# Solving x'=Ax+g using undetermined coefficients

1. May 8, 2010

### Jamin2112

1. The problem statement, all variables and given/known data

Problem #4 from here: http://www.math.washington.edu/~jtittelf/ExtraCredit.pdf

2. Relevant equations

?

3. The attempt at a solution

There's only one example of using undetermined coefficients in my textbook. I'm not sure where to start. x = t2a + tb + c ?????? That's just a ball park guess, since then x' will have just have constant vectors and vectors multiplied by t, like in the problem.

2. May 8, 2010

### gabbagabbahey

I'd start by finding the eigenvalues and eigenvectors of $$\begin{pmatrix}2 & 2 \\ 1 & 3\end{pmatrix}$$....

3. May 8, 2010

### Jamin2112

Fine. det(AI)=0 ----> (2-ß)*(3-ß)-2*1 = 0 ----> ß2 - 5ß + 4 = 0 ----> (ß-4)(ß-1)=0 ----> ß=4, 1

-----> ß(1) = (1 1)T, B(2)=(-2 1)T

Ah-ha! So I know part of the solution is e4t(1 1)T + et(-2 1)T.

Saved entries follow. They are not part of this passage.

Lemma flow_small_displacement eta : 0 < eta -> exists2 c : R, 0 < c &
  forall w v, L w -> `|v| < c -> d w (phi v w) < eta.
Proof.
move=> eta_gt0.
have [|r0 r0_gt0 lb_r0] := lebesgue_number (G := fun z r =>
    forall w v, d z w < r -> `|v| < r -> d z (phi v w) < eta / 2 /\ d z w < eta / 2).
  move=> z Lz; have [del del_gt0 phi_del] := @flow_continuous 0 z (eta / 4) ltac:(lra).
  exists (Num.min del (eta / 4)) => [|w v]; first by rewrite lt_min del_gt0 /=; lra.
  rewrite !lt_min => /andP[zw1 zw2] /andP[v1 _].
  by split; last lra; have := phi_del v w; rewrite flow0 subr0 => /(_ v1 zw1); lra.
exists r0 => // w v Lw v_lt.
have [z [r [near_z zw r0r]]] := lb_r0 w Lw.
have [] := near_z w v ltac:(lra) ltac:(lra).
by have := d_triangle w z (phi v w); rewrite (d_sym w z); lra.
Qed.

Lemma flow_uniform_continuous c eta : 0 < eta -> exists2 rho : R, 0 < rho &
  forall p q, L p -> d p q < rho -> d (phi c p) (phi c q) < eta.
Proof.
move=> eta_gt0.
have [|r0 r0_gt0 lb_r0] := lebesgue_number (G := fun z r =>
    forall w, d z w < r -> d (phi c z) (phi c w) < eta / 2).
  move=> z Lz; have [del del_gt0 phi_del] := @flow_continuous c z (eta / 2) ltac:(lra).
  by exists del => // w zw; apply: phi_del; rewrite ?subrr ?normr0.
exists r0 => // p q Lp pq.
have [z [r [near_z zp r0r]]] := lb_r0 p Lp.
have := near_z p ltac:(lra); have := near_z q ltac:(have := d_triangle z p q; lra).
by have := d_triangle (phi c p) (phi c z) (phi c q); rewrite (d_sym (phi c p) (phi c z)); lra.
Qed.
Lemma sofa_start : exists y : R, forall p, S' p -> 0 <= p.2 + y <= 1.
Proof.
case: sofa => _ [_ [_ [_ [th [x [_ [_ [th0 [_ [inLH _]]]]]]]]]].
exists (x 0).2 => p S'p; have := inLH _ (imageP _ S'p).
by rewrite th0 motion0 => -[].
Qed.

Lemma sofa_end : exists y : R, forall p, S' p -> 0 <= dot p (uvec w) + y <= 1.
Proof.
case: sofa => _ [_ [_ [_ [th [x [_ [_ [_ [th1 [_ [_ inLV]]]]]]]]]]].
exists (x 1).1 => p S'p; have := inLV _ (imageP _ S'p).
by rewrite th1 motionN => -[].
Qed.

(* The sofa at the moment it has turned clockwise by [t], which exists by the
   intermediate value theorem. *)
Lemma sofa_turn t : 0 <= t <= w -> exists x : R * R,
  forall p, S' p -> hallway (dot p (uvec t) + x.1, dot p (uvec (t + pi / 2)) + x.2).
Proof.
case: sofa => _ [_ [_ [_ [th [x [cth [_ [th0 [th1 [_ [inL _]]]]]]]]]]] t0w.
have [c c01 thc] : exists2 c, c \in `[0, 1] & th c = - t.
  by apply: IVT => //; rewrite th0 th1 ge_min le_max; apply/andP; split;
    apply/orP; [right|left]; lra.
move: c01; rewrite in_itv /= => c01.
exists (x c) => p S'p; rewrite -motionN -thc.
exact: inL _ c01 _ (imageP _ S'p).
Qed.

Lemma sofa_sub_Pw : standard_position w S' -> S' `<=` Pw w.
Proof.
move=> [sw spi] z S'z; apply/PwP; split.
  have [y inH] := sofa_start; rewrite -dot_uvec_pihalf.
  apply: suppf_eq1_strip sofa_nonempty spi _ _ S'z => p.
  by rewrite dot_uvec_pihalf; exact: inH.
have [y inV] := sofa_end.
exact: suppf_eq1_strip sofa_nonempty sw inV _ S'z.
Qed.

Lemma sofa_sub_LX t : 0 <= t <= w -> S' `<=` LX S' t.
Proof.
move=> t0w; have [x inL] := sofa_turn t0w.
have le1 : suppf S' t <= 1 - x.1.
  by apply: suppf_le sofa_nonempty _ => p /inL /hallway_le1 /= []; lra.
have le2 : suppf S' (t + pi / 2) <= 1 - x.2.
  by apply: suppf_le sofa_nonempty _ => p /inL /hallway_le1 /= []; lra.
move=> z S'z; apply/LXP; apply: hallway_up (inL z S'z) _ _ => /=.
  by have := suppf_ge (sofa_dot_ubound t) S'z => zt; apply/andP; split; lra.
have := suppf_ge (sofa_dot_ubound (t + pi / 2)) S'z => zt'.
by apply/andP; split; lra.
Qed.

Maybe I assume the full solution is e4t(1 1)T + et(-2 1)T + at2 + bt + c????

4. May 8, 2010

### gabbagabbahey

You don't get the zero vector for your first eigenvector...show your calculations for that part

5. May 8, 2010

(see edit)

6. May 8, 2010

### gabbagabbahey

Close...I think you want to assume the solution is of the form

$$\textbf{x}(t)=c_1e^{4t}\begin{pmatrix} 1 \\ 1\end{pmatrix}+c_2e^{t}\begin{pmatrix} -2 \\ 1\end{pmatrix}+\textbf{a}t+\textbf{b}$$

The $c_1$ and $c_2$ are needed since any linear combination of your two independent homogeneous solutions will also be a solution to the homogeneous equation. And I don't think you need a $t^2$ term for your particular solution.

7. May 8, 2010

### Jamin2112

If you just have at + b then you'll just have a when you take the derivative. Ultimately I'm trying up an x whose derivative looks something like it does in the problem. Right? (t t)T = t(1 1)T.

8. May 8, 2010

### gabbagabbahey

Right, but $$\begin{pmatrix}2 & 2 \\ 1 & 3\end{pmatrix}\textbf{x}(t)$$ will also have a $t$ in it which should cancel the at for an appropriate choice of a.

9. May 8, 2010

### Jamin2112

a and b have constant entries, right?

10. May 8, 2010

### gabbagabbahey

They'd better!

11. May 8, 2010

### gabbagabbahey

Keep in mind, that if you get an equation like Ma=-a for some matrix M, either -1 is one of its eigenvalues or a=0

12. May 8, 2010

### Jamin2112

Thanks, buddy. One more quick question!

On problem 3, I have a 3x3 matrix eigenvalues -2,-1 and corresponding eigenvectors (1 0 0)T and (0 1 0)T. Now, I know what with a 2x2 matrix, if I have only one eigenvector, giving me a solution x=eat$, then I guess a second solution x=teat$ + eat#. With a 3x3 matrix, do I try that with each of my two eigenvectors? Doing so seems to give me a solution for one but not the other.

13. May 8, 2010

### gabbagabbahey

The easiest way to solve problem 3 is to not do it in matrix form...just let $$\textbf{x}(t)=\begin{pmatrix}x_1(t) \\ x_2(t) \\ x_3(t) \end{pmatrix}$$ and solve the 3 DEs you get.